- **EXERCISE DATA**:
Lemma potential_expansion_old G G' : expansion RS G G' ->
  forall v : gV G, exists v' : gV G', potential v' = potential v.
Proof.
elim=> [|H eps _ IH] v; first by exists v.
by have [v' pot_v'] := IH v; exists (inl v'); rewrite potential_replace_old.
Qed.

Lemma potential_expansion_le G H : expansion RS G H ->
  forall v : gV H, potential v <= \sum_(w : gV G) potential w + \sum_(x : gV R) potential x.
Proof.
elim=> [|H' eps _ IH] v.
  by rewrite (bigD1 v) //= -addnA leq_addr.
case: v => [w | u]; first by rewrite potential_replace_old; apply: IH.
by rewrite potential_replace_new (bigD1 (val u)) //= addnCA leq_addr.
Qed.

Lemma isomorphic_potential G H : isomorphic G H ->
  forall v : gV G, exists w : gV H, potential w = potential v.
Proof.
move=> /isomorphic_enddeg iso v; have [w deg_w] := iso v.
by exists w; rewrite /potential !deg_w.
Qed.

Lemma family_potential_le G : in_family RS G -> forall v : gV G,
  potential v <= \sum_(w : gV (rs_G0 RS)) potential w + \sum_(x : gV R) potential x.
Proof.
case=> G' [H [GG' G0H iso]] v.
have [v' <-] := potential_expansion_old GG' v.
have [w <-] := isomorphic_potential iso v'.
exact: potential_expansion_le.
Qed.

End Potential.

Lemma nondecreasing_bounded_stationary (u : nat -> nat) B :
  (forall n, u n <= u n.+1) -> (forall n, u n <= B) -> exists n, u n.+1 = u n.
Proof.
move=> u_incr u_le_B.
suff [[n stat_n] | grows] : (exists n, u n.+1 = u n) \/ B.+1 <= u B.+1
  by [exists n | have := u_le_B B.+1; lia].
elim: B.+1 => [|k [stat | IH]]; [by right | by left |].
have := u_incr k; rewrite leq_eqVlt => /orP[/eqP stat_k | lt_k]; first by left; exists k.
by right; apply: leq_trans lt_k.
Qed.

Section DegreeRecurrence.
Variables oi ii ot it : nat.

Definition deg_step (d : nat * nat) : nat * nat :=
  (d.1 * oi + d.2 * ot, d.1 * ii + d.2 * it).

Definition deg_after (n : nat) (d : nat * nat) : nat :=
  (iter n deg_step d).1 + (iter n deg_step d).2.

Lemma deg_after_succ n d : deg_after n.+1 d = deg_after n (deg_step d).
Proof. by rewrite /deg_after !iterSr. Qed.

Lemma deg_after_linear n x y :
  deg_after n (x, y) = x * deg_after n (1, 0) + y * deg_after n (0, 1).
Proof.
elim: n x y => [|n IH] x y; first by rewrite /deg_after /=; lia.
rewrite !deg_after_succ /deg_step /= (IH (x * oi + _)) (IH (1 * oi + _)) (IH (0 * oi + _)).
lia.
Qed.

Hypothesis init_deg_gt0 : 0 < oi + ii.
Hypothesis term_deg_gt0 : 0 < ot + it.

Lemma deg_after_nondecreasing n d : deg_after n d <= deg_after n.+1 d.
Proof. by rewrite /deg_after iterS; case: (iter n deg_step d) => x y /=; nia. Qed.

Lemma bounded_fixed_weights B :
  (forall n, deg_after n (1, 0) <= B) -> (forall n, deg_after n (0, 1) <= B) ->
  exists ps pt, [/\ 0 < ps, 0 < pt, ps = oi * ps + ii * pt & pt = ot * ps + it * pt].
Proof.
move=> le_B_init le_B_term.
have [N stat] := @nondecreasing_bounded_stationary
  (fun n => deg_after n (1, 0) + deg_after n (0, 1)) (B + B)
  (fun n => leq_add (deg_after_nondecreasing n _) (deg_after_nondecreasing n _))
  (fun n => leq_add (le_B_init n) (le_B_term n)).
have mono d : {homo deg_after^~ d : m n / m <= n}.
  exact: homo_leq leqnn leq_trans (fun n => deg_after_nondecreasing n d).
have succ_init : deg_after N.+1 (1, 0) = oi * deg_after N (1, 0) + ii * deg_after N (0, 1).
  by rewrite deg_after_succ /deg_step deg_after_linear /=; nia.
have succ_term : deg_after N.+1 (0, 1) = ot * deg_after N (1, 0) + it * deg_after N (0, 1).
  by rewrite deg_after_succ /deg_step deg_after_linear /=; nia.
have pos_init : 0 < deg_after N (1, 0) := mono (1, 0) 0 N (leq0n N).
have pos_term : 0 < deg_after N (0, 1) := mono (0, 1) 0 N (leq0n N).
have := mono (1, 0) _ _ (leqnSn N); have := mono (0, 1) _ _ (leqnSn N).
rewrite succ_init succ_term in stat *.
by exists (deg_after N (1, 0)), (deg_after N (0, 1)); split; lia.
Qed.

- **WORK INSTRUCTION**: Would you copy out exactly the lines above that start at the one containing "Proof. by rewrite /deg_after !iterSr. Qed." and end at the one containing "elim: n x y", inclusive?

- **TASK RESULT**:
Proof. by rewrite /deg_after !iterSr. Qed.

Lemma deg_after_linear n x y :
  deg_after n (x, y) = x * deg_after n (1, 0) + y * deg_after n (0, 1).
Proof.
elim: n x y => [|n IH] x y; first by rewrite /deg_after /=; lia.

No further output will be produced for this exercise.